The Merger Agreement further provides that all of Insignias directors will resign immediately prior to the completion of the Merger. Following the Merger, Insignia will cease to be a reporting company under the Securities Exchange Act of 1934, as amended, and its Common Stock will cease to be traded on the New York Stock Exchange. Consummation of the Merger requires approval by Insignias shareholders, CBs receipt of equity and debt financing, the receipt of regulatory approvals and other customary closing conditions. In connection with the Merger Agreement, several members of senior management of Insignia (who collectively own approximately 6.6% of voting common shares) entered into Voting Agreements with CB and Insignia (the Voting Agreements), pursuant to which these individuals agreed to vote their shares in favor of approving the Merger Agreement, the Merger and the other transactions contemplated by the Merger and the Merger Agreement and to vote their shares against any acquisition proposal from a third-party.
60
Insignia Financial Group, Inc.
Notes to Consolidated Financial Statements (continued)
22. Subsequent Events (continued)
Proposed CB Richard Ellis Merger (continued)
In early 2003, Insignia sold two minority-owned assets in the ordinary course of business and continues to consider or explore potentially selling certain other existing real estate investments, as permitted by the Merger Agreement, in an effort to provide additional Common Merger Consideration to the holders of Common Stock, options, warrants and unvested restricted stock. Due to the limited time available to market such investment assets for potential sale prior to the closing of the Merger, which is expected to occur no later than July 14, 2003, there can be no assurances that any asset sales would not result in losses.

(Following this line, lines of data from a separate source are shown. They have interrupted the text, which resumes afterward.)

(* Let $n, r, d$ be positive integers with $n\geqslant r+1$ and $d\geqslant2$. Then $\mathcal{A}_r^d$ is a percolating set of $K_n^d$ in the $r$-neighbor bootstrap percolation process.
   Context: All graphs are finite, simple and undirected. For a nonnegative integer $r$ and a graph $G$, the $r$-neighbor bootstrap percolation process on $G$ starts with a set $A_0\subseteq V(G)$ of initially active vertices, and for $i\geqslant 1$, $A_i=A_{i-1}\cup\{v\in V(G) : |N(v)\cap A_{i-1}|\geqslant r\}$. The set $A_0$ is a percolating set if $\bigcup_{i\geqslant 0}A_i=V(G)$. $K_n^d$ has vertex set $[\![n]\!]^d$, where $[\![n]\!]=\{0,1,\ldots,n-1\}$, and two vertices are adjacent iff they differ in exactly one coordinate. For $t=(t_1,\ldots,t_d)\in\{0,1\}^d$ and $P\subseteq[\![n]\!]^d$, let $P(t)$ be the set of $(x_1,\ldots,x_d)\in[\![n]\!]^d$ for which there is $(p_1,\ldots,p_d)\in P$ with $x_i=t_i(n-1-p_i)+(1-t_i)p_i$ for all $i$. Let $A_r^d=\{(x_1,\ldots,x_d)\in[\![n]\!]^d : \sum_{i=1}^d x_i\leqslant\lceil r/2\rceil-1\}$, let $T=\{(t_1,\ldots,t_d)\in\{0,1\}^d : t_1=t_2\}$, and $\mathcal{A}_r^d=\bigcup_{t\in T}A_r^d(t)$. *)

From mathcomp Require Import all_boot.
Set Implicit Arguments. Unset Strict Implicit. Unset Printing Implicit Defensive.

Definition vertex (n d : nat) := {ffun 'I_d -> 'I_n}.

Definition Kadj (n d : nat) (x y : vertex n d) : bool :=
  #|[set i : 'I_d | x i != y i]| == 1.

Definition nbhd (n d : nat) (v : vertex n d) : {set vertex n d} :=
  [set u | Kadj v u].

Definition bp_step (n d r : nat) (A : {set vertex n d}) : {set vertex n d} :=
  A :|: [set v | r <= #|nbhd v :&: A|].

Definition bp_iter (n d r : nat) (A0 : {set vertex n d}) (i : nat) :
  {set vertex n d} := iter i (@bp_step n d r) A0.

Definition percolating (n d r : nat) (A0 : {set vertex n d}) : Prop :=
  forall v : vertex n d, exists i : nat, v \in bp_iter r A0 i.

Definition reflect_by (n d : nat) (t : {ffun 'I_d -> bool}) (p : vertex n d)
  : vertex n d := [ffun i => if t i then rev_ord (p i) else p i].

Definition refl_set (n d : nat) (P : {set vertex n d}) (t : {ffun 'I_d -> bool})
  : {set vertex n d} := [set x | [exists p in P, x == reflect_by t p]].

Definition A_rd (n d r : nat) : {set vertex n d} :=
  [set x : vertex n d | \sum_(i < d) (x i : nat) <= uphalf r - 1].

(* T = { t in {0,1}^d : t_1 = t_2 }  (coordinates 1,2 are indices 0,1). *)
Definition Tset (d : nat) : {set {ffun 'I_d -> bool}} :=
  [set t : {ffun 'I_d -> bool} | [forall i : 'I_d, forall j : 'I_d,
              ((val i == 0) && (val j == 1)) ==> (t i == t j)]].

Definition calA (n d r : nat) : {set vertex n d} :=
  \bigcup_(t in Tset d) refl_set (A_rd n d r) t.

From mathcomp Require Import all_boot zify.

Set Implicit Arguments. Unset Strict Implicit. Unset Printing Implicit Defensive.

(* Let c = uphalf r.  For d = 2, calA consists of the two opposite corner
   triangles x + y < c and (n-1-x) + (n-1-y) < c (t_1 = t_2 allows no other
   reflection), and they percolate: rows are filled from the outside in, each
   row swept from one triangle towards the other, and every newly infected
   vertex sees 2c >= r infected neighbours.  Higher dimensions follow by
   induction on the number of free coordinates: a vertex at distance k from
   the ends along a new coordinate j has 2k infected neighbours in the outer
   layers, so inside its slice threshold r - 2k suffices; reflecting
   coordinate j, which is not one of the first two, maps the seed of that
   slice for r - 2k into calA, because uphalf (r - 2k) + k = c. *)

Definition bp_closed n d r (S : {set vertex n d}) :=
  forall v, r <= #|nbhd v :&: S| -> v \in S.

Lemma bp_step_mono n d r : {homo @bp_step n d r : A B / A \subset B}.
Proof.
move=> A B subAB; apply/subsetP => x; rewrite !inE => /orP [Ax | deg_x].
  by rewrite (subsetP subAB).
apply/orP; right; apply: leq_trans deg_x _.
by apply: subset_leq_card; apply: setIS.
Qed.

Lemma percolating_of_closed n d r (A0 : {set vertex n d}) :
  (forall S : {set vertex n d}, A0 \subset S -> bp_closed r S -> forall v, v \in S) ->
  percolating r A0.
Proof.
move=> closed_full v.
pose F X := bp_step r (A0 :|: X).
have F_mono : {homo F : X Y / X \subset Y}.
  by move=> X Y subXY; apply/bp_step_mono/setUS.
have F_fix := fixsetK F_mono.
have A0_iter i : A0 \subset bp_iter r A0 i.
  elim: i => [|i IHi]; first exact: subxx.
  by apply: subset_trans IHi _; rewrite /bp_iter iterS; apply: subsetUl.
have F_iter i : iter i F set0 \subset bp_iter r A0 i.
  elim: i => [|i IHi]; first exact: sub0set.
  rewrite iterS /bp_iter iterS; apply: subset_trans (F_mono _ _ IHi) _.
  by rewrite /F (setUidPr (A0_iter i)).
suff : v \in fixset F by exists #|vertex n d|; apply: (subsetP (F_iter _)).
apply: closed_full.
- by rewrite -F_fix; apply: subset_trans (subsetUl _ _) (subsetUl _ _).
- move=> w deg_w; rewrite -F_fix !inE; apply/orP; right.
  by apply: leq_trans deg_w _; apply/subset_leq_card/setIS/subsetUr.
Qed.

Lemma sum_nat_true lo hi (f : nat -> bool) :
  (forall i, lo <= i < hi -> f i) -> \sum_(lo <= i < hi) f i = hi - lo.
Proof.
move=> f_true; rewrite (eq_big_nat _ _ (F2 := fun => 1)) ?sum_nat_const_nat ?muln1 //.
by move=> i /f_true ->.
Qed.
Lemma unrefinable_witness k : 4 <= k ->
  unrefinable (T (2 * k - 1)) (iota 1 (2 * k - 4) ++ [:: 2 * k; 4 * k - 6]).
Proof.
move=> k4; apply/andP; split.
  apply/and4P; split.
  - rewrite sorted_pairwise; last exact: ltn_trans.
    rewrite pairwise_cat -sorted_pairwise ?iota_ltn_sorted /=; last exact: ltn_trans.
    rewrite !andbT; apply/andP; split; last lia.
    by apply/allrelP => x y; rewrite mem_iota !inE => x_rng /orP[]/eqP ->; lia.
  - rewrite all_cat /= andbT; apply/and3P; split; try lia.
    by apply/allP => x; rewrite mem_iota => /andP[].
  - rewrite T_odd; last lia.
    have := double_sum_iota (2 * k - 4); rewrite /index_iota subn1 -sumnE.
    by rewrite sumn_cat /=; move=> sum_iota; apply/eqP; lia.
  - by rewrite size_cat /=; lia.
apply/hasPn => a; rewrite mem_filter /largest last_cat mem_iota => /andP[aw /andP[a1 am]].
apply/hasPn => b; rewrite mem_filter mem_iota => /andP[bw /andP[b1 bm]].
move: aw bw; rewrite !mem_cat !mem_iota !inE; lia.
Qed.

Section UbarTriangular.
Variables (k : nat) (l : seq nat).
Hypotheses (k4 : 4 <= k) (l_Ubar : Ubar (T (2 * k - 1)) l).
Local Notation m := (largest l).
Let l_unref : unrefinable (T (2 * k - 1)) l. Proof. by case: l_Ubar => [[]]. Qed.
Let l_missing : size (missing l) = m./2. Proof. by case: l_Ubar. Qed.
Let l_dpart : is_dpart (T (2 * k - 1)) l. Proof. by case/andP: l_unref. Qed.
Let q := m.-1./2.
Let e : nat := odd m.-1.
Let e_le1 : e <= 1. Proof. exact: leq_b1. Qed.
Let m_qe : m = (q.*2 + e).+1.
Proof.
by rewrite addnC odd_double_half prednK // (dpart_pos l_dpart (dpart_largest_mem l_dpart)).
Qed.

Lemma Ubar_T_largest : m = (2 * k - 3).*2.
Proof.
have m_ge : 4 * k - 6 <= m.
  by have := l_Ubar.1.2 _ (unrefinable_witness k4); rewrite /largest last_cat.
have sum_l := sumn_pairs l_unref l_missing e_le1 m_qe.
have N_l : sumn l = (2 * k - 1) * k.
  by case/and4P: l_dpart => _ _ /eqP -> _; rewrite T_odd //; lia.
have G2 := double_sum_iota q.
set G := \sum_(1 <= x < q.+1) x in sum_l G2.
set D := \sum_(1 <= x < q.+1) _ in sum_l.
have D_ne2 : e = 0 -> D != 2.
  by move=> e0; rewrite /D m_qe e0 addn0; exact: sum_odd_gaps_neq2.
have D_even : e = 1 -> ~~ odd D.
  by move=> e1; rewrite /D m_qe e1 addn1; exact: sum_even_gaps_even.
have P2 : (2 * k - 2) * (2 * k - 1) + 2 * (2 * k - 1) = 2 * ((2 * k - 1) * k) by nia.
have P3 : (2 * k - 3) * (2 * k - 2) + 8 * k = 2 * ((2 * k - 1) * k) + 6 by nia.
have q_le : q <= 2 * k - 3.
  rewrite leqNgt; apply/negP => q_gt.
  have : (2 * k - 2) * (2 * k - 1) <= q * q.+1 by apply: leq_mul; lia.
  lia.
have [q_eq | q_eq] : q = 2 * k - 4 \/ q = 2 * k - 3 by lia.
  by move: e_le1; lia.
(* q = 2k - 3 would leave the excess D = 2 - e *)
exfalso; have [e0 | e1] : e = 0 \/ e = 1 by move: e_le1; lia.
  by move/eqP: (D_ne2 e0); move: e_le1; lia.
by move: (D_even e1); have -> : D = 1 by move: e_le1; lia.
Qed.

Lemma Ubar_T_mem_mirror x : x <= m -> (m - x \in l) = (x \notin l) && (x != 2 * k - 3).
Proof.
move=> x_m; rewrite (mem_mirror l_unref l_missing e_le1 m_qe x_m).
by rewrite [in X in _ && X]Ubar_T_largest (inj_eq double_inj).
Qed.
End UbarTriangular.

Section KeithNathHooks.
Variable l : seq nat.
Hypotheses (l_sorted : sorted ltn l) (l_pos : forall x, x \in l -> 0 < x).
Local Notation m := (largest l).
Local Notation rowlen x := (count (S_lam l) (iota 0 x)).
Local Notation sS := [seq x <- iota 0 m.+1 | S_lam l x].
Local Notation p := (KN (S_lam l) m).
Let sS_sorted : sorted ltn sS := sorted_filter ltn_trans _ (iota_ltn_sorted 0 m.+1).

Lemma count_lt_S_lam y : y <= m.+1 -> count (fun x => x < y) sS = rowlen y.
Proof.
move=> ym; rewrite count_filter -[in RHS](filter_iota_ltn 0 ym) count_filter.
by apply: eq_count => x /=; rewrite andbC.
Qed.

Lemma KN_S_lam : p = rev [seq rowlen x | x <- l].
Proof.
rewrite /KN; congr (rev (map _ _)); rewrite -[RHS](filter_mem_iota l_sorted).
by apply: eq_filter => x; rewrite /S_lam negbK.
Qed.

Lemma rowlen_gt0 x : x \in l -> 0 < rowlen x.
Proof.
move=> xl; have zl : 0 \notin l by apply/negP => /l_pos.
by case: x xl => [/l_pos | x _] //=; rewrite /S_lam zl.
Qed.

Lemma hook_KN_first_col i : 0 < i <= size l -> hook p i 1 = nth 0 l (size l - i).
Proof.
case/andP=> i0 il; rewrite /hook KN_S_lam nth_rev size_map ?prednK ?(nth_map 0) //; last by lia.
have ti : size l - i < size l by lia.
have xl : nth 0 l (size l - i) \in l by rewrite mem_nth.
have rows_pos : count (leq 1) (drop i (rev [seq rowlen y | y <- l])) = size l - i.
  rewrite -[in RHS](size_map (fun y => rowlen y) l) -size_rev -size_drop.
  apply/eqP; rewrite -all_count; apply/allP => r /mem_drop.
  by rewrite mem_rev => /mapP[y yl ->]; exact: rowlen_gt0.
have := count_S_lam_iota l_sorted (nth 0 l (size l - i)); rewrite count_lt_nth //.
by rewrite rows_pos; have := rowlen_gt0 xl; lia.
Qed.

Lemma count_rowlen_geq c : 0 < c <= size sS ->
  count (fun x => c <= rowlen x) l = count (fun x => nth 0 sS c.-1 < x) l.
Proof.
case/andP=> c0 cS; apply: eq_in_count => x xl /=.
by rewrite -ltn_count_nth ?prednK // count_lt_S_lam // ltnW // ltnS leq_largest.
Qed.

Lemma top_row_KN : m \in l -> nth 0 p 0 = size sS.
Proof.
move=> ml; have l0 : 0 < size l by case: (l) ml.
rewrite KN_S_lam nth_rev size_map // subn1 (nth_map 0) ?prednK // nth_last.
by rewrite size_filter -addn1 iotaD count_cat /= /S_lam ml !addn0.
Qed.

Lemma hook_KN_first_row c : m \in l -> 0 < c <= size sS ->
  hook p 1 c = m - nth 0 sS c.-1.
Proof.
move=> ml /andP[c0 cS]; set s := nth 0 sS c.-1.
have c1S : c.-1 < size sS by rewrite prednK.
have : s \in sS by rewrite mem_nth.
rewrite mem_filter mem_iota ltnS /= => /andP[s_l s_m].
have s_lt : s < m by rewrite ltn_neqAle s_m andbT; apply: contraNneq s_l => ->.
have rowlen_s : rowlen s.+1 = c by rewrite -count_lt_S_lam // count_le_nth // prednK.
have below_s := count_S_lam_iota l_sorted s.+1.
have above_s : count (fun x => s < x) l + count (fun x => x < s.+1) l = size l.
  rewrite -(count_predC (fun x => s < x)); congr (_ + _).
  by apply: eq_count => x /=; rewrite ltnS leqNgt.
have m_above : 0 < count (fun x => s < x) l by rewrite -has_count; apply/hasP; exists m.
have count_p : count (fun r => c <= r) p = count (fun x => s < x) l.
  by rewrite KN_S_lam count_rev count_map -count_rowlen_geq ?c0.
have := top_row_KN ml; have := size_S_lam_iota l_sorted; rewrite /hook; set n := size sS.
by move: count_p; case: p => [|r p'] /=; rewrite ?drop0; lia.
Qed.
End KeithNathHooks.

Section Mirror.
Variables (l : seq nat) (h : nat).
Hypotheses (l_sorted : sorted ltn l) (l_pos : forall x, x \in l -> 0 < x).
Local Notation m := (largest l).
Local Notation sS := [seq x <- iota 0 m.+1 | S_lam l x].
Hypothesis l_mirror : forall x, x <= m -> (m - x \in l) = (x \notin l) && (x != h).
Let sS_uniq : uniq sS := filter_uniq _ (iota_uniq 0 m.+1).

Lemma mem_rem_S_lam s : (s \in rem h sS) = [&& s <= m, s \notin l & s != h].
Proof.
rewrite rem_filter // !mem_filter mem_iota ltnS /S_lam /=.
by case: (s <= m); rewrite ?andbF ?andbT // andbC.
Qed.

Lemma map_mirror_S_lam : [seq m - s | s <- rem h sS] = rev l.
Proof.
have gtn_trans : transitive gtn by move=> a b c /= ba cb; exact: ltn_trans cb ba.
apply: (irr_sorted_eq gtn_trans ltnn); last first.
- move=> y; rewrite mem_rev; apply/mapP/idP => [[s] | yl].
    by rewrite mem_rem_S_lam => /and3P[s_m s_l s_h] ->; rewrite l_mirror // s_l s_h.
  have y_m := leq_largest l_sorted yl.
  exists (m - y); last by rewrite subKn.
  by rewrite mem_rem_S_lam leq_subr /= -l_mirror ?leq_subr // subKn.
- by rewrite (rev_sorted gtn).
- rewrite sorted_map; apply: (@sub_in_sorted _ (fun s => s <= m) ltn).
  + by move=> a b a_m b_m /= ab; rewrite /= ltn_sub2l // (leq_trans ab).
  + by apply/allP => s; rewrite mem_rem_S_lam => /andP[].
  + apply: (subseq_sorted ltn_trans (rem_subseq h sS)).
    by apply: sorted_filter; [exact: ltn_trans | exact: iota_ltn_sorted].
Qed.

Lemma size_rem_S_lam : size (rem h sS) = size l.
Proof. by rewrite -[LHS](size_map (fun s => m - s)) map_mirror_S_lam size_rev. Qed.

In the event that the proposed Merger is consummated, Blackacre has agreed to the conversion of the convertible preferred stock into a cash amount equal to the stated value of $100.00 per share plus accrued and unpaid dividends. In addition, borrowings under the subordinated credit agreement would be repaid and the credit agreement terminated simultaneous with the closing of the Merger.
Sale of Insignia Residential Group and Insignia Douglas Elliman
On March 14, 2003, Insignia completed the sale of its New York-based residential businesses, Insignia Residential Group and Insignia Douglas Elliman, to Montauk Battery Realty, LLC. The financial terms of the sale included the payment of $66.75 million to Insignia at closing and a potential additional $1.0 million receivable one year from closing. In addition, the buyer acceded to additional contingent earnout obligations of Insignia Douglas Elliman totaling up to $4.0 million, depending on the future performance of the business. Insignia will discontinue the operations of these businesses for financial reporting purposes in the first quarter of 2003. These residential businesses collectively produced service revenues in 2002, 2001 and 2000 of $133.7 million, $119.2 million and $134.1 million, respectively. Simultaneous with closing, Insignia paid down $67.0 million on its senior revolving credit facility, decreasing outstanding borrowings to $28.0 million.